Arrest warrant against Putin: plea for regime change

Arrest warrant against Putin: plea for regime change


With the Hague tribunal’s arrest warrant, Putin has become a pariah in democracies. Peace will only be possible when Putin is no longer in power.

Vladimir Putin in a winter coat on his trip to occupied Crimea

Must be careful where he travels in the future if he doesn’t want to go to court: Vladimir Putin Photo: Russian TV/via ap

An international arrest warrant for Vladimir Putin – this decision by the International Criminal Court gives an unexpected turn to efforts to end Russia’s war in Ukraine. Russia is now a state whose president is no longer socially acceptable. A wanted suspected war criminal can no longer represent his country at eye level.

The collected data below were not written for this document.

(* Let $\varepsilon>0$ and let $(X,d)$ be a compact length space with closed measurement set $S\subset X$ such that $\mathcal R_{X,S}$ is a topological embedding. The following are equivalent: (1) $(X,d)$ with $S$ is $\mathrm{BLIE}_\varepsilon$; (2) $(X,d)$ with $S$ is $\mathrm{FLIE}_\varepsilon$ and $(\mathcal R_{X,S}(X),\|\cdot\|_\infty)$ satisfies the $\varepsilon$-local midpoint property; (3) $(X,d)$ with $S$ is $\mathrm{FLIE}_{\varepsilon_0}$ for some $\varepsilon_0\in(0,\varepsilon)$ and $(\mathcal R_{X,S}(X),\|\cdot\|_\infty)$ satisfies the $\varepsilon$-local midpoint property.
   Context: $\mathcal R_{X,S}\colon(X,d)\to(C(S),\|\cdot\|_\infty)$, $\mathcal R_{X,S}(p)(z)=d(p,z)$. A continuous map is an $\varepsilon$-local isometry if it preserves distances between points at distance $<\varepsilon$. $\mathrm{FLIE}_\varepsilon$: $\mathcal R_{X,S}$ is a topological embedding and an $\varepsilon$-local isometry. $\mathrm{BLIE}_\varepsilon$: $\mathcal R_{X,S}$ is a topological embedding and $\mathcal R_{X,S}^{-1}\colon(\mathcal R_{X,S}(X),\|\cdot\|_\infty)\to(X,d)$ is an $\varepsilon$-local isometry. A metric space $(Y,\rho)$ satisfies the $\varepsilon$-local midpoint property if for all $x,y\in Y$ with $\rho(x,y)<\varepsilon$ there is $m\in Y$ with $\rho(m,x)=\rho(m,y)=\tfrac12\rho(x,y)$. *)

From Stdlib Require Import Reals Lra List Sorted.
From Coquelicot Require Import Coquelicot.
Open Scope R_scope.

Section Defs.
Context {X : Type} (d : X -> X -> R).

For those states that respect international law and that have joined the Hague tribunal, or at least respected its decisions – Putin is now a pariah. From now on, almost every trip abroad involves the risk of a one-way ticket. It would not only be legal, but strictly speaking it would be mandatory to detain him at the first opportunity on his travels around the world and ship him to The Hague. Of course, many countries will give a damn and cooperate with Putin as before.

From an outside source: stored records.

(* There is $c>0$ independent of $h$ such that for all $u\in C^0(\bar I)$ and $v\in C^0(\bar I)^d$ with $|v(z)|=1$ for all $z\in\mathcal N_2(\mathcal T_h)$, $$\|\mathcal I_{h,2}(uv)\|_{L^1(I)^d}\le c\|\mathcal I_{h,2}u\|_{L^1(I)}.$$
   Context: Mesh notation: $I=(a,b)\subset\mathbb R$, $a=x_0<x_1<\dots<x_M=b$, $I_i=[x_{i-1},x_i]$, $h_i=x_i-x_{i-1}$, $h=\max_i h_i$, $\mathcal T_h=\{I_1,\dots,I_M\}$. Let $m_i=(x_{i-1}+x_i)/2$, $\mathcal N_1(\mathcal T_h)=\{x_0,\dots,x_M\}$, $\mathcal N_2(\mathcal T_h)=\mathcal N_1(\mathcal T_h)\cup\{m_1,\dots,m_M\}$. $\mathcal I_{h,2}$ is the continuous piecewise quadratic nodal interpolant defined by $\mathcal I_{h,2}v(z)=v(z)$ for $z\in\mathcal N_2(\mathcal T_h)$ (componentwise for vector-valued functions). *)

From Stdlib Require Import Reals Lra.
From Coquelicot Require Import Coquelicot.
Open Scope R_scope.

Definition is_mesh (a b : R) (M : nat) (x : nat -> R) : Prop :=
  (1 <= M)%nat /\ x 0%nat = a /\ x M = b /\
  (forall i : nat, (1 <= i <= M)%nat -> x (i - 1)%nat < x i).

Definition midpt (x : nat -> R) (i : nat) : R := (x (i - 1)%nat + x i) / 2.

Definition in_N2 (M : nat) (x : nat -> R) (z : R) : Prop :=
  (exists i : nat, (i <= M)%nat /\ z = x i) \/
  (exists i : nat, (1 <= i <= M)%nat /\ z = midpt x i).

(* Quadratic Lagrange interpolant of g on element I_i = [x_{i-1}, x_i],
   through the nodes x_{i-1}, m_i, x_i. *)
Definition lagr2 (x : nat -> R) (g : R -> R) (i : nat) (t : R) : R :=
  let p := x (i - 1)%nat in
  let q := x i in
  let m := midpt x i in
  g p * ((t - m) * (t - q)) / ((p - m) * (p - q)) +
  g m * ((t - p) * (t - q)) / ((m - p) * (m - q)) +
  g q * ((t - p) * (t - m)) / ((q - p) * (q - m)).

Fixpoint p2_loc (x : nat -> R) (g : R -> R) (i fuel : nat) (t : R) : R :=
  match fuel with
  | O => lagr2 x g i t
  | S f => if Rle_dec t (x i) then lagr2 x g i t else p2_loc x g (S i) f t
  end.

(* The continuous piecewise quadratic nodal interpolant I_{h,2} g
   (relevant on [a,b] = [x 0, x M]; at interior vertices both adjacent
   local interpolants agree, so the choice of element there is immaterial). *)
Definition interp2 (M : nat) (x : nat -> R) (g : R -> R) (t : R) : R :=
  p2_loc x g 1%nat (M - 1)%nat t.

(* Vector-valued functions R -> R^d are represented as R -> (nat -> R);
   only components 0..d-1 are meaningful. Interpolation is componentwise. *)
Definition interp2_vec (M : nat) (x : nat -> R) (w : R -> nat -> R)
  (t : R) (k : nat) : R :=
  interp2 M x (fun s => w s k) t.

Fixpoint sumsq (d : nat) (y : nat -> R) : R :=
  match d with
  | O => 0
  | S n => sumsq n y + (y n) ^ 2
  end.

Definition enorm (d : nat) (y : nat -> R) : R := sqrt (sumsq d y).

Definition cont_on (a b : R) (f : R -> R) : Prop :=
  forall t, a <= t <= b -> forall eps, 0 < eps -> exists delta, 0 < delta /\
    forall s, a <= s <= b -> Rabs (s - t) < delta -> Rabs (f s - f t) < eps.

Definition L1 (a b : R) (f : R -> R) : R := RInt (fun t => Rabs (f t)) a b.
Definition L1vec (d : nat) (a b : R) (w : R -> nat -> R) : R :=
  RInt (fun t => enorm d (w t)) a b.

(* Mapped affinely to the reference element [0,1], a quadratic on one mesh
   cell is a0 phi0 + a1 phi1 + a2 phi2 with nodal values a_j.  On the
   three-dimensional space of quadratics every norm is equivalent; concretely,
   a dual basis psi_j with sup |psi_j| <= 10 gives |a_j| <= 10 ||Q||_{L^1(0,1)},
   while |v| = 1 at the nodes bounds the interpolant of u v pointwise by
   2 (|a0| + |a1| + |a2|).  Hence the estimate holds on each cell with c = 60,
   the common factor h_i coming from the change of variables, and summing over
   the cells gives the theorem. *)
From Stdlib Require Import Reals Lra Psatz FunctionalExtensionality.
From Coquelicot Require Import Coquelicot.
Open Scope R_scope.

Lemma continuous_of_ex_derive (f : R -> R) (s : R) :
  (forall t, ex_derive f t) -> continuous f s.
Proof. intros H; apply (@ex_derive_continuous R_AbsRing R_NormedModule); auto. Qed.

Lemma ex_RInt_of_continuous (f : R -> R) (a b : R) :
  (forall t, continuous f t) -> ex_RInt f a b.
Proof. intros H; apply (@ex_RInt_continuous R_CompleteNormedModule); auto. Qed.

Lemma RInt_antiderivative (f P : R -> R) (a b : R) :
  (forall s, is_derive P s (f s)) -> (forall s, continuous f s) ->
  RInt f a b = P b - P a.
Proof.
  intros HP Hf. apply (@is_RInt_unique R_CompleteNormedModule).
  apply (@is_RInt_derive R_CompleteNormedModule); auto.
Qed.

Lemma abs_RInt_mul_le (f psi : R -> R) (a b B : R) :
  a <= b -> (forall s, continuous f s) -> (forall s, continuous psi s) ->
  (forall s, a <= s <= b -> Rabs (psi s) <= B) ->
  Rabs (RInt (fun s => f s * psi s) a b) <= B * RInt (fun s => Rabs (f s)) a b.
Proof.
  intros Hab Hf Hp Hb.
  assert (Cfpsi : forall s, continuous (fun s => f s * psi s) s)
    by (intros; apply (continuous_mult f psi); auto).
  assert (Cabs : forall s, continuous (fun s => Rabs (f s)) s)
    by (intros; apply continuous_Rabs_comp; auto).
  eapply Rle_trans.
  { apply abs_RInt_le; [exact Hab | apply ex_RInt_of_continuous; exact Cfpsi]. }
  replace (B * RInt (fun s => Rabs (f s)) a b)
    with (RInt (fun s => scal B (Rabs (f s))) a b)
    by (rewrite (@RInt_scal R_CompleteNormedModule); auto using ex_RInt_of_continuous).
  apply RInt_le; [exact Hab | | |].
  - apply ex_RInt_of_continuous; intros; apply continuous_Rabs_comp; auto.
  - apply (@ex_RInt_scal R_NormedModule); auto using ex_RInt_of_continuous.
  - intros s Hs. rewrite Rabs_mult. unfold scal; simpl; unfold mult; simpl.
    rewrite Rmult_comm. apply Rmult_le_compat_r; [apply Rabs_pos | apply Hb; lra].
Qed.

(* [F] need only agree on the open cell with a function [f] continuous on all
   of R: the interpolants are polynomial only cell by cell. *)
Lemma RInt_cell_rescale (f F : R -> R) (p q : R) :
  p < q -> (forall t, continuous f t) -> (forall t, p < t < q -> f t = F t) ->
  ex_RInt F p q /\ RInt F p q = (q - p) * RInt (fun s => f ((q - p) * s + p)) 0 1.
Proof.
  intros Hpq Hf HfF.
  assert (Ext : forall t, Rmin p q < t < Rmax p q -> f t = F t)
    by (intros t; rewrite Rmin_left, Rmax_right by lra; auto).
  split.
  { apply (ex_RInt_ext f); auto using ex_RInt_of_continuous. }
  rewrite <- (RInt_ext f F p q Ext).
  assert (E : ex_RInt f ((q - p) * 0 + p) ((q - p) * 1 + p))
    by (apply ex_RInt_of_continuous; auto).
  pose proof (@RInt_comp_lin R_CompleteNormedModule f (q - p) p 0 1 E) as H.
  replace ((q - p) * 0 + p) with p in H by ring.
  replace ((q - p) * 1 + p) with q in H by ring.
  rewrite <- H, (@RInt_scal R_CompleteNormedModule); [reflexivity|].
  apply ex_RInt_of_continuous; intros.
  apply (continuous_comp (fun s => (q - p) * s + p) f); auto.
  apply continuous_of_ex_derive; intros; auto_derive; easy.
Qed.

Lemma RInt_le_mul_partition (F G : R -> R) (x : nat -> R) (M : nat) (c : R) :
  (forall i, (1 <= i <= M)%nat ->
     ex_RInt F (x (i - 1)%nat) (x i) /\ ex_RInt G (x (i - 1)%nat) (x i) /\
     RInt F (x (i - 1)%nat) (x i) <= c * RInt G (x (i - 1)%nat) (x i)) ->
  RInt F (x 0%nat) (x M) <= c * RInt G (x 0%nat) (x M).
Proof.
  intros Hcell.
  enough (H : forall n, (n <= M)%nat ->
    ex_RInt F (x 0%nat) (x n) /\ ex_RInt G (x 0%nat) (x n) /\
    RInt F (x 0%nat) (x n) <= c * RInt G (x 0%nat) (x n)) by apply H, le_n.
  induction n as [|n IH]; intros Hn.
  - rewrite !RInt_point. unfold zero; simpl.
    repeat split; try apply ex_RInt_point; lra.
  - destruct (IH ltac:(lia)) as [F0 [G0 I0]].
    destruct (Hcell (S n) ltac:(lia)) as [F1 [G1 I1]].
    replace (S n - 1)%nat with n in * by lia.
    repeat split; try (eapply ex_RInt_Chasles; eauto).
    rewrite <- (RInt_Chasles F _ (x n)), <- (RInt_Chasles G _ (x n)) by auto.
    unfold plus; simpl. lra.
Qed.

Chinese leader Xi Jinping will be showcasing this in Moscow this Monday. But even countries like China, which fortunately are in the minority, will now consider very carefully before any interaction with Putin whether it is really worth it and whether one is not complicit.

When The Hague 2008 arrest warrant against Sudan’s then military ruler Omar Hassan al-Bashir because of the genocide in Darfur, many heads of state in Africa expressed their solidarity with him against a world judiciary that was perceived as partisan. But they also noticed that any cooperation with Sudan was now overshadowed by the question of how to proceed with the prosecution of war criminals. Sudan only became internationally respectable again after Bashir was overthrown in 2019 – by a coup by the generals in the course of a popular uprising.

No betrayal of Ukraine

Russia, too, will only become respectable again when Putin no longer governs it. The arrest warrant from The Hague is the starting signal for regime change in Moscow in the name of justice. Russia’s way back onto the world stage is now via the extradition of Putin. Anyone who can do that becomes an international hero, no matter how much blood is on their own hands. And vice versa? What if Putin finds enough sympathy around the world to ignore The Hague? That would be fatal for the International Criminal Court.

His arrest warrants would be purely symbolic, worth no more than appeals from human rights organizations. Anyone who is looking for a diplomatic solution with Moscow at the expense of Ukraine must bear this in mind. Now it would only work without Putin. Peace with Putin – not just with Russia, but with President Putin – would not only be a betrayal of Ukraine, but also a deathblow for world justice.